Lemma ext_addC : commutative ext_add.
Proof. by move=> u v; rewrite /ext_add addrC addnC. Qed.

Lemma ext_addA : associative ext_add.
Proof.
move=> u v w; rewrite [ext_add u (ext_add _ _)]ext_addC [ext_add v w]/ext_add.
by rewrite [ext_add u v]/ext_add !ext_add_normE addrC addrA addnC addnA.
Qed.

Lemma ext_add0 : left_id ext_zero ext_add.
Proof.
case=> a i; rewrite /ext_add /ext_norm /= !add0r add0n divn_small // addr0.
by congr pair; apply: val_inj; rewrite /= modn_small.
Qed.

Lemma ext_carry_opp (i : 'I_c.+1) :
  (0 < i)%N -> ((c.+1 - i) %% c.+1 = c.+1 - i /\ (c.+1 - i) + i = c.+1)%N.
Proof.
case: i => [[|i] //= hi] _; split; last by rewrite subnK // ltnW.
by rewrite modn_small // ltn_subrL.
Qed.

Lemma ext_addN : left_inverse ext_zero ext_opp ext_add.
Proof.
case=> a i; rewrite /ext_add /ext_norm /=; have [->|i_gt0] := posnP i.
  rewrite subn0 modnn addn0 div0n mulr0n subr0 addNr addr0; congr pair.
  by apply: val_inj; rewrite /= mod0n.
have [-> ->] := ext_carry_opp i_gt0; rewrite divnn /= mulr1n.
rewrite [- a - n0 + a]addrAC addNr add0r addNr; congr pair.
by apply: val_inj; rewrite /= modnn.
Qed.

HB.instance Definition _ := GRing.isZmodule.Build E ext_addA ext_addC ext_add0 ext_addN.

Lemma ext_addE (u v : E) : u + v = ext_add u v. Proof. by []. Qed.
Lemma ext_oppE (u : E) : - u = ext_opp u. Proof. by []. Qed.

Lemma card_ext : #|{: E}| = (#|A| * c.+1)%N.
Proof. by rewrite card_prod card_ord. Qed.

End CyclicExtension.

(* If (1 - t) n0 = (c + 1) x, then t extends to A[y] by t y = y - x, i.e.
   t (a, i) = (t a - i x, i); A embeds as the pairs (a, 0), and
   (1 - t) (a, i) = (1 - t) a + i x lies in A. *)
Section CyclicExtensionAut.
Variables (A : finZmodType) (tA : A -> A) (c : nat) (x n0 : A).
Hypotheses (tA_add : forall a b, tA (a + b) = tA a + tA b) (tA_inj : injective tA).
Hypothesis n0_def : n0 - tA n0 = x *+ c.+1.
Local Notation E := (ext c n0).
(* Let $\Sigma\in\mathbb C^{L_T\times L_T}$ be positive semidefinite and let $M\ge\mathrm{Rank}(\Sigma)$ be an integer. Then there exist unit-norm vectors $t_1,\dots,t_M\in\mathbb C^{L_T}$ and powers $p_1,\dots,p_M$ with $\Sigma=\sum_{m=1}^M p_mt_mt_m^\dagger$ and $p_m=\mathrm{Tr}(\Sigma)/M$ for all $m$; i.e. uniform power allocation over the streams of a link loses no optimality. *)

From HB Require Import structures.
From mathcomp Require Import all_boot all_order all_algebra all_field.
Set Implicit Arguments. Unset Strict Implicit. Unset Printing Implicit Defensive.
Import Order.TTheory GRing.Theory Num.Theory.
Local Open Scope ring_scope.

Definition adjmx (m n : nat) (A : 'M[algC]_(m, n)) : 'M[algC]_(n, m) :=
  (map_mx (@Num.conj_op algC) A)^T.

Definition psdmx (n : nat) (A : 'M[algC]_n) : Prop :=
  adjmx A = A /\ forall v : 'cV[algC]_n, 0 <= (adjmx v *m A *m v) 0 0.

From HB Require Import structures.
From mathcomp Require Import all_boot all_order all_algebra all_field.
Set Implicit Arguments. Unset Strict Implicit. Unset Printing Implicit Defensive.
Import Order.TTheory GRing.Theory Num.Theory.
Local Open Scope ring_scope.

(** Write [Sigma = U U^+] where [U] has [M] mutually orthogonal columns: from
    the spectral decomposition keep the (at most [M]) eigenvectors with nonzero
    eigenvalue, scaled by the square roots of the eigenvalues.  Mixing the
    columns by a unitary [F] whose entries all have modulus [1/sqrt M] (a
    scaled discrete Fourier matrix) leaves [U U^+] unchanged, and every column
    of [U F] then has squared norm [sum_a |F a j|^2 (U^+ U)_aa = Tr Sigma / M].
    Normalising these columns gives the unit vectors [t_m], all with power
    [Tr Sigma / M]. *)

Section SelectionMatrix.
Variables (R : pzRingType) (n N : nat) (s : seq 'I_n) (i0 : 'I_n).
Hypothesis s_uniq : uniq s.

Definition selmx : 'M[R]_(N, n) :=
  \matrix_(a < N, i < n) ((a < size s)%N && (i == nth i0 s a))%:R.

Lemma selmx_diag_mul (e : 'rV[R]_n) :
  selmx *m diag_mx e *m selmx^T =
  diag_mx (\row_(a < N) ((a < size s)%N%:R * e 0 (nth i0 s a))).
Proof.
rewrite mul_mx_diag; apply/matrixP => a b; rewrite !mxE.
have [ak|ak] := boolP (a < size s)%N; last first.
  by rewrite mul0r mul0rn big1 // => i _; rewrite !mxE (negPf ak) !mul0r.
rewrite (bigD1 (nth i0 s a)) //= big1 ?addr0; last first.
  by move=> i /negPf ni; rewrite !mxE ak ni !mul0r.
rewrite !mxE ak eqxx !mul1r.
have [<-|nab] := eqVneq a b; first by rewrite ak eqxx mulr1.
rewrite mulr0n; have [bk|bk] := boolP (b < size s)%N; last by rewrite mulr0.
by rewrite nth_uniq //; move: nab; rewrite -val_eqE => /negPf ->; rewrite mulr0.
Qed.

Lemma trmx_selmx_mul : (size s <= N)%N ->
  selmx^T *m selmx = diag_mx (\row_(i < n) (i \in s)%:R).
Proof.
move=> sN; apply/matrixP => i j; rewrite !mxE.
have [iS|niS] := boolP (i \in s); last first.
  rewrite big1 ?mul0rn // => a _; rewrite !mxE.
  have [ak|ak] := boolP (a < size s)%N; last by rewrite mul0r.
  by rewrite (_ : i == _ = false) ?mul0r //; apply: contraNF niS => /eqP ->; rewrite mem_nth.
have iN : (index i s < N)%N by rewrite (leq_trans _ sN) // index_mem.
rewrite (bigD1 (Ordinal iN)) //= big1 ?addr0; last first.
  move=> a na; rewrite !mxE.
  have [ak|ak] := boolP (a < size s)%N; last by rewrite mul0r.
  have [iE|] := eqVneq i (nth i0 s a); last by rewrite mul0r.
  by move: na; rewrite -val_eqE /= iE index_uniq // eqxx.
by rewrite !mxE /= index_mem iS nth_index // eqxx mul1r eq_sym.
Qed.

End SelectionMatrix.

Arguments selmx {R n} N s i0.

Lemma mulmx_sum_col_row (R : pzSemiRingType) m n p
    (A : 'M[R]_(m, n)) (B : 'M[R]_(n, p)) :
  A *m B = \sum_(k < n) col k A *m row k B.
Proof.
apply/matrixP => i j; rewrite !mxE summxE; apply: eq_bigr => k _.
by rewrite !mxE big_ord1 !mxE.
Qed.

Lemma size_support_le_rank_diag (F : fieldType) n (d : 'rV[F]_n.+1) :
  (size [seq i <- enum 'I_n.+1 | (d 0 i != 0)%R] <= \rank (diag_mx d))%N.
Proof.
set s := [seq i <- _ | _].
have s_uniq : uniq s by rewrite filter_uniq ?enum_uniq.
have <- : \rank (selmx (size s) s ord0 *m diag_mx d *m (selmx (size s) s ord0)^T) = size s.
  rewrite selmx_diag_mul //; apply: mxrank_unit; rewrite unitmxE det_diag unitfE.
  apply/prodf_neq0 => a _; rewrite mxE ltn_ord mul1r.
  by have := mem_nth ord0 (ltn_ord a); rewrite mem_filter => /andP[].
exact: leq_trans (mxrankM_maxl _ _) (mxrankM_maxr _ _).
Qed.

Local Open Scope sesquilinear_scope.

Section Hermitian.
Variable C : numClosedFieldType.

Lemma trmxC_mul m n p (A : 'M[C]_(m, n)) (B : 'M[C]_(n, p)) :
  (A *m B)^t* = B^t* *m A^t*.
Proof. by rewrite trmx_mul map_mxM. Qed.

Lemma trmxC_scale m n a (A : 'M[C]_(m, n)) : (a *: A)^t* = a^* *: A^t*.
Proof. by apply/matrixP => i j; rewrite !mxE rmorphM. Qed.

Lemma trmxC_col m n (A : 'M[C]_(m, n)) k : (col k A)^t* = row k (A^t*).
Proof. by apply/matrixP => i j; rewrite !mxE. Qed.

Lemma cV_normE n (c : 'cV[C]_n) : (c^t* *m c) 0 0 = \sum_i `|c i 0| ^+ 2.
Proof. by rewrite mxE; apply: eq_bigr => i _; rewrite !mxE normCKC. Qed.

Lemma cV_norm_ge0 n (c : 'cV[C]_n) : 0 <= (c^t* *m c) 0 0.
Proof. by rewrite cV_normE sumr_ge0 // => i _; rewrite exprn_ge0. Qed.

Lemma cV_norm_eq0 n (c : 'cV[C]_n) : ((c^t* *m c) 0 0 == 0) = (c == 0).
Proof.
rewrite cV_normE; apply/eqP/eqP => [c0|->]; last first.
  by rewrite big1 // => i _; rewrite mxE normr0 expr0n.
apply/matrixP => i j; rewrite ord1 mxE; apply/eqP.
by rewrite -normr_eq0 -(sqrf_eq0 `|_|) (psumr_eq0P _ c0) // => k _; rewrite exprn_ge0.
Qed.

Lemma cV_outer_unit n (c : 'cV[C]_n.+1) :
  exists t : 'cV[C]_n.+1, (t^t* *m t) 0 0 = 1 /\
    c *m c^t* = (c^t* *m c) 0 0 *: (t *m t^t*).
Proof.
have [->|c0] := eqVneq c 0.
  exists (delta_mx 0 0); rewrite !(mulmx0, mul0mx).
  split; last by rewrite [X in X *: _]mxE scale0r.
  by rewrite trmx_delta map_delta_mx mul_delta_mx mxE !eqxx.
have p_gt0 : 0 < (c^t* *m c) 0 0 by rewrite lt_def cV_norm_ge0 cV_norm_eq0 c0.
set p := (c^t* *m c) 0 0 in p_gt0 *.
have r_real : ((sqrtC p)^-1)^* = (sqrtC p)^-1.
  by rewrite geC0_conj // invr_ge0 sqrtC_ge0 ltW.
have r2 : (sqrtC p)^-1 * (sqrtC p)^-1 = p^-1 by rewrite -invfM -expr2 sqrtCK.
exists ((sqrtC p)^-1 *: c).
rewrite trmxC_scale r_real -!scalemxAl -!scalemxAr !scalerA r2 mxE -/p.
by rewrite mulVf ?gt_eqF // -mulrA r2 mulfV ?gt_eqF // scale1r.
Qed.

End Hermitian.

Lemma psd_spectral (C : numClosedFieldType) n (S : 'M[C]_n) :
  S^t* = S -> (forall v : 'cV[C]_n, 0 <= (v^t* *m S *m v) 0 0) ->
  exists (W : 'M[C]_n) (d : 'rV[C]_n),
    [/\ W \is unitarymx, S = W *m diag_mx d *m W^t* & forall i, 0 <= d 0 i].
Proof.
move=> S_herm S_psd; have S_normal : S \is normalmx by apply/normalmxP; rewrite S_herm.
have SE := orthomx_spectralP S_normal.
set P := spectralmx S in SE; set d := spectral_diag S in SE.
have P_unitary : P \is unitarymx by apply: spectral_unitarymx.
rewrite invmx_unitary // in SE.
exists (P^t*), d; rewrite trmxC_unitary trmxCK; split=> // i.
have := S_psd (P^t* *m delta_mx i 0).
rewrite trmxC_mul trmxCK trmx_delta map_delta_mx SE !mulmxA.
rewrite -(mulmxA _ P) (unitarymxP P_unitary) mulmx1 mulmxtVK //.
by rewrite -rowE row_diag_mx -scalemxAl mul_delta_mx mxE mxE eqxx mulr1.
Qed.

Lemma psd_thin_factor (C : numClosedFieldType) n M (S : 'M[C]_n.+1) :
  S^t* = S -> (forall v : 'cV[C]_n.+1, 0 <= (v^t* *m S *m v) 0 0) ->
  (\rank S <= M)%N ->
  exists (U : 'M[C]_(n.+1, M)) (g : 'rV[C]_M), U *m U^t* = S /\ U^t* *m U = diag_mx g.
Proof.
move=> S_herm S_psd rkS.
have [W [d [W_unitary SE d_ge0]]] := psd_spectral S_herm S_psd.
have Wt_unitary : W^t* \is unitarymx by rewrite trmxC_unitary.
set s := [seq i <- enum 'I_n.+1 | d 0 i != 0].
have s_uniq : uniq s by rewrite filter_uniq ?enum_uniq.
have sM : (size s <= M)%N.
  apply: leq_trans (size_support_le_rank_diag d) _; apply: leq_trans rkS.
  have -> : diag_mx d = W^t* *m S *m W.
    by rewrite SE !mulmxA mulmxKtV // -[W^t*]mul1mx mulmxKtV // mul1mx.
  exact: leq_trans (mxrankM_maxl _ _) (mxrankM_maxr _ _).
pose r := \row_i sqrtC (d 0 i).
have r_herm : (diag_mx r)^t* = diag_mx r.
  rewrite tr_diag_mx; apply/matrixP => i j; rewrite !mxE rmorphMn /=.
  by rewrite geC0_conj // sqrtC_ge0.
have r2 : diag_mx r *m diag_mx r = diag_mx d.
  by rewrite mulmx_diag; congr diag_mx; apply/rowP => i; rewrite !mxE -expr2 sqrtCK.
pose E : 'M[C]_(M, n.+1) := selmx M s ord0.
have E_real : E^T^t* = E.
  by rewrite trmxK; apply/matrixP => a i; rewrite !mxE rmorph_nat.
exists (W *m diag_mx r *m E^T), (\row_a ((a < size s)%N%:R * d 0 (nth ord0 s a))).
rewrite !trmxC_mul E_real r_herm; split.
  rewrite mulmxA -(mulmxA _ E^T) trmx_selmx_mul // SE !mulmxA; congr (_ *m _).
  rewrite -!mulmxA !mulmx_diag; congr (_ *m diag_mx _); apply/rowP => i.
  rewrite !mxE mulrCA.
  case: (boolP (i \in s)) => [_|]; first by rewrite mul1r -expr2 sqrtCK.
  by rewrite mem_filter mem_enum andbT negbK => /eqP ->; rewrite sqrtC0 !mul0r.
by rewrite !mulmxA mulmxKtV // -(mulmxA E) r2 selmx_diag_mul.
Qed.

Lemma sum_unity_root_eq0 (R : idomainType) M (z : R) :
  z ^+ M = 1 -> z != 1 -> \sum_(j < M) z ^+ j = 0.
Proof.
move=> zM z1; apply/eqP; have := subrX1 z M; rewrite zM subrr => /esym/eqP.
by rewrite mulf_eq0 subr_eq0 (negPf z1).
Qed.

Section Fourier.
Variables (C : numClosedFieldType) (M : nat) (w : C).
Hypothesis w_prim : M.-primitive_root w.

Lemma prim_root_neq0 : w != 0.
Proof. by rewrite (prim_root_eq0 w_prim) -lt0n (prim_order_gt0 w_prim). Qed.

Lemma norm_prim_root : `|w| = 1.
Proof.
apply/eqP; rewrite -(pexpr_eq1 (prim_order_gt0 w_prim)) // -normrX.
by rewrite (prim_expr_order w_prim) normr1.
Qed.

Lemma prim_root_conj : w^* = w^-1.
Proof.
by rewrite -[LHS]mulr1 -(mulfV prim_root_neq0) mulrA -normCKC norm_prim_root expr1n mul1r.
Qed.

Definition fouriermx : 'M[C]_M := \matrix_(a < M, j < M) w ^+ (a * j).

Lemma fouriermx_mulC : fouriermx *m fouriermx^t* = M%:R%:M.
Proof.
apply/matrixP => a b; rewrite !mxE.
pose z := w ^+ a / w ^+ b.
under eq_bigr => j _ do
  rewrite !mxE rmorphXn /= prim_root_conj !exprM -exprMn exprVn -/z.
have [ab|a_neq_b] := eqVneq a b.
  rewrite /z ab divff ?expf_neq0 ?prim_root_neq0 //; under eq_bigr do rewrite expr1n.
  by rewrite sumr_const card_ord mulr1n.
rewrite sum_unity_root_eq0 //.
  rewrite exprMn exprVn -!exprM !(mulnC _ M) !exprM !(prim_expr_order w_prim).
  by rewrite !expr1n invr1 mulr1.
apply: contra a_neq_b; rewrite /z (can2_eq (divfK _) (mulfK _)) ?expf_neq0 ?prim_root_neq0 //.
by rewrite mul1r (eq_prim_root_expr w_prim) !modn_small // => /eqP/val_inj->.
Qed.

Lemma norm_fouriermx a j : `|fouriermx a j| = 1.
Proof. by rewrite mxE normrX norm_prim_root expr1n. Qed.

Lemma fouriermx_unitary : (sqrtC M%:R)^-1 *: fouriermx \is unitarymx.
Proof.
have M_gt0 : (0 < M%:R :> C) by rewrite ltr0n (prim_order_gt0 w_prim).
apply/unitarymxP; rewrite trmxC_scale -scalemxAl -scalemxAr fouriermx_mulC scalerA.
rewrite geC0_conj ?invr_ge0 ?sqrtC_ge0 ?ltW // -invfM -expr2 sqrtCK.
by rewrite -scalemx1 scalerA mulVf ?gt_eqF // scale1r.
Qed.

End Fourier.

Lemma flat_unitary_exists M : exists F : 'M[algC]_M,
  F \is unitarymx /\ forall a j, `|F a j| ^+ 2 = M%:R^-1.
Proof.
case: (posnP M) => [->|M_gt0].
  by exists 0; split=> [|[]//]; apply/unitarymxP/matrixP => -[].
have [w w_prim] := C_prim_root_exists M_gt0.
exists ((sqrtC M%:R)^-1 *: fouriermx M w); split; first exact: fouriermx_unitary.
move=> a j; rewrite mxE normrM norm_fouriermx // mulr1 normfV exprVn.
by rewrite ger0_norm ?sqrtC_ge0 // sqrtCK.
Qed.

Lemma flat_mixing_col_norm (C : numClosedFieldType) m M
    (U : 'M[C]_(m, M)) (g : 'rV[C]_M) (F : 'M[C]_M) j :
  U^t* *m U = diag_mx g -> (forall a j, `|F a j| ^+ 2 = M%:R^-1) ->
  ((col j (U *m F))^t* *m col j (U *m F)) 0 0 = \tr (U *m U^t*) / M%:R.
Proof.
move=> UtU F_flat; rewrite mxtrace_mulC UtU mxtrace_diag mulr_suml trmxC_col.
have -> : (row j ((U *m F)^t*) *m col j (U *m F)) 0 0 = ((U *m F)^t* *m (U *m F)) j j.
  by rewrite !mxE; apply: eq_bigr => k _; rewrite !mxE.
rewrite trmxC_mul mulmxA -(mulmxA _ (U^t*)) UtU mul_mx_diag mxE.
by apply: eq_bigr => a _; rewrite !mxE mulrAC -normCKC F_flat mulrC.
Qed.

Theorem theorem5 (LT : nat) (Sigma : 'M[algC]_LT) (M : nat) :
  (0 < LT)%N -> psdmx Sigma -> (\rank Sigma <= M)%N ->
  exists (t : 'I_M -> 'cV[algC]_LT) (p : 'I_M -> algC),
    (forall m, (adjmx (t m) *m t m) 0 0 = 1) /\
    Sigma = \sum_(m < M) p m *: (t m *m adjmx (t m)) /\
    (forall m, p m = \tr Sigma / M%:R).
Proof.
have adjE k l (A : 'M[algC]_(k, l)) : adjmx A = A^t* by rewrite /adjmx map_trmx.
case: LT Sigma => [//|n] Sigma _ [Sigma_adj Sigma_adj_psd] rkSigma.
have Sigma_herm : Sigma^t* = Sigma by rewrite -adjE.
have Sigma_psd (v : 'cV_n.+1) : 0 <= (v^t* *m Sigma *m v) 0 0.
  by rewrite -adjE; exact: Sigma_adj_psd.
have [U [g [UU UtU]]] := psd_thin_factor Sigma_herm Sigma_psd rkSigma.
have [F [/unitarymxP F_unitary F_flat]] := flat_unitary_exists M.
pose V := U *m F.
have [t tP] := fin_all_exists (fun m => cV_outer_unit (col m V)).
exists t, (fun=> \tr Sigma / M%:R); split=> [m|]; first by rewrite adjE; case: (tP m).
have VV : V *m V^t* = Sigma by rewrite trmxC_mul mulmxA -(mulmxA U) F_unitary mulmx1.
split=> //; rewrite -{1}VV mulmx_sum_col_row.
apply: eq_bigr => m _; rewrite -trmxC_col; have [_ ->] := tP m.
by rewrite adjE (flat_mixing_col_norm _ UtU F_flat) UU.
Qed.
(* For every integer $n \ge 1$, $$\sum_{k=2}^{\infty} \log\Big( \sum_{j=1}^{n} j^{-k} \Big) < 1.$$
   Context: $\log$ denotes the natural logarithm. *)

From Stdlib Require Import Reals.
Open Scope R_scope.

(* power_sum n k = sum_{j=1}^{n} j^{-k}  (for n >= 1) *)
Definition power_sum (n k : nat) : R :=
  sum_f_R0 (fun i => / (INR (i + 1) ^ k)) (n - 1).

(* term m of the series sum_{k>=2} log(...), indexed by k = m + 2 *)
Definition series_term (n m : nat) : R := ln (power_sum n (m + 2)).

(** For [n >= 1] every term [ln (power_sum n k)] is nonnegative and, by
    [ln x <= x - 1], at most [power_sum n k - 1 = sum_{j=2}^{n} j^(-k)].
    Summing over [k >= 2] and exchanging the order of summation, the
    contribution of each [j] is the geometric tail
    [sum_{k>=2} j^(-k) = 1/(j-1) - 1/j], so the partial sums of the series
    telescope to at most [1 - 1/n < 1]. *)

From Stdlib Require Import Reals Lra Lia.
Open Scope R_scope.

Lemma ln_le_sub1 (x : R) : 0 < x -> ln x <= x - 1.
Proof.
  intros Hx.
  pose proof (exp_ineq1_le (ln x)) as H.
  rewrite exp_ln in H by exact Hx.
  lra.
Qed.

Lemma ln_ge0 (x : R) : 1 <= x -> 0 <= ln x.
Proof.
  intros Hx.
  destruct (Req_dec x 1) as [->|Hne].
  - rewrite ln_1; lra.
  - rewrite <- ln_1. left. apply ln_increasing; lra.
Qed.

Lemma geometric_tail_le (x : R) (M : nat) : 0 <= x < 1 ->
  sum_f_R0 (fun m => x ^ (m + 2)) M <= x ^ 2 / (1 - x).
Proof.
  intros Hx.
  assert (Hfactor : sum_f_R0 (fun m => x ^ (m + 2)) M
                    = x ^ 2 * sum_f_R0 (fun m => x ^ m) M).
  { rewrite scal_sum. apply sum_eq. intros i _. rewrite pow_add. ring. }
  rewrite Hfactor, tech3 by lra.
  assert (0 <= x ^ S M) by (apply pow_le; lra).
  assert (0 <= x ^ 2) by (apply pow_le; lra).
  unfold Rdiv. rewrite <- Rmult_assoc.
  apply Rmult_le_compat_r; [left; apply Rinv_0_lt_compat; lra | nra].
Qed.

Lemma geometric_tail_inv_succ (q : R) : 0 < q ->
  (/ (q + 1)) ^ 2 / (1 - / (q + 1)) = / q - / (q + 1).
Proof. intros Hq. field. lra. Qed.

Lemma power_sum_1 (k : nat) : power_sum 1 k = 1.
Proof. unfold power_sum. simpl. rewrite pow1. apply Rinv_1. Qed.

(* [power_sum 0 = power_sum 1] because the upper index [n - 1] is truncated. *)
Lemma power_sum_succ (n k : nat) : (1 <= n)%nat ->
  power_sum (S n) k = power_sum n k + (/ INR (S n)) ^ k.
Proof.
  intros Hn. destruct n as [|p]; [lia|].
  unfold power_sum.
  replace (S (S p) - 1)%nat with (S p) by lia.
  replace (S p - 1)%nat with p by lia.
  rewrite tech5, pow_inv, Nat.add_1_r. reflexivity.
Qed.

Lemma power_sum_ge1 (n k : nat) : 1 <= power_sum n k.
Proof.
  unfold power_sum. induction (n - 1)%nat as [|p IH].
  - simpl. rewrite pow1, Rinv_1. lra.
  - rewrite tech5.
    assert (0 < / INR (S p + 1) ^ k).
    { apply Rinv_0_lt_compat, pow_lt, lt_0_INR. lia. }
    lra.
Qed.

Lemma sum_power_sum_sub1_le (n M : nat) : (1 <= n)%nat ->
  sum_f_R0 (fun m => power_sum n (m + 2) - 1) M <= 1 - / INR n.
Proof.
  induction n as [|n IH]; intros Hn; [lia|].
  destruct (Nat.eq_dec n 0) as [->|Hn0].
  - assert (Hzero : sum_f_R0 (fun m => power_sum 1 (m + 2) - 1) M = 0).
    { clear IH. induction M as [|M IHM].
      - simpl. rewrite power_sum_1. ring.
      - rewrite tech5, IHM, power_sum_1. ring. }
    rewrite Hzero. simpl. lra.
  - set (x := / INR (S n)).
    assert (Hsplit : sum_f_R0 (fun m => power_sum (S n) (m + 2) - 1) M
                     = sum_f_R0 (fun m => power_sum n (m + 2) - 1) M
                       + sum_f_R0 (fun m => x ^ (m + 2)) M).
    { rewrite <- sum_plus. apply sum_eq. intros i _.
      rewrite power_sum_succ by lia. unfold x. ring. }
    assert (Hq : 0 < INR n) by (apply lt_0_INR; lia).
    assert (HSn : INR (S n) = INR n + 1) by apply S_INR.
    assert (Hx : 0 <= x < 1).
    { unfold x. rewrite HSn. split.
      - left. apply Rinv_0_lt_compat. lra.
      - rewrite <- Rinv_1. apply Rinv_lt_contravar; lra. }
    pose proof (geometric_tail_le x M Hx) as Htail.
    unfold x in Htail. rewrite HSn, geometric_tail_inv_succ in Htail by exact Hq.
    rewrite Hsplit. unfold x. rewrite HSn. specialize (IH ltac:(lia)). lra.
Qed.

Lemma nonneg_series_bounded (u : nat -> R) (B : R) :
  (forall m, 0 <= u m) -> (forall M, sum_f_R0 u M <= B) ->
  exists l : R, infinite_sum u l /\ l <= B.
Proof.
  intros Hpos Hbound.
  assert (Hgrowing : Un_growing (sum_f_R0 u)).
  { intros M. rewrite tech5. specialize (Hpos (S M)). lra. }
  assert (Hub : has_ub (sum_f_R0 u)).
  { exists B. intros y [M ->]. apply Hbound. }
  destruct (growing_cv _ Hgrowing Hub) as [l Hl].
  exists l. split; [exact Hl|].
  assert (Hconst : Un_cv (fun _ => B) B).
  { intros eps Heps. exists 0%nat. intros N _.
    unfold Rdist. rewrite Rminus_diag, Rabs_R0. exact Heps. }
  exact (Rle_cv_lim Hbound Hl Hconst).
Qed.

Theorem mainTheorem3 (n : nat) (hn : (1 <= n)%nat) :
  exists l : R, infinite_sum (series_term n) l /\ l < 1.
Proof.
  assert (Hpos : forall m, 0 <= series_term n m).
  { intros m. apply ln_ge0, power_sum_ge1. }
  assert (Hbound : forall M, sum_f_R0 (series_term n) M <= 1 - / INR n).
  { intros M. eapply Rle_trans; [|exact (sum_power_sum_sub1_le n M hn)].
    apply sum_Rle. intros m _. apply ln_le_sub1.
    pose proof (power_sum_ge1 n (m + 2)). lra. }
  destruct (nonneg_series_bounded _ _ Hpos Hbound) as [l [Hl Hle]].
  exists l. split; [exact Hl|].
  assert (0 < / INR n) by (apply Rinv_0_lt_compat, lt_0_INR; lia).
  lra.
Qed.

......

Exercise prompt: Wherever the string "psdmx" occurs in the listing, return the line it sits on.

Task result:
Definition psdmx (n : nat) (A : 'M[algC]_n) : Prop :=
  (0 < LT)%N -> psdmx Sigma -> (\rank Sigma <= M)%N ->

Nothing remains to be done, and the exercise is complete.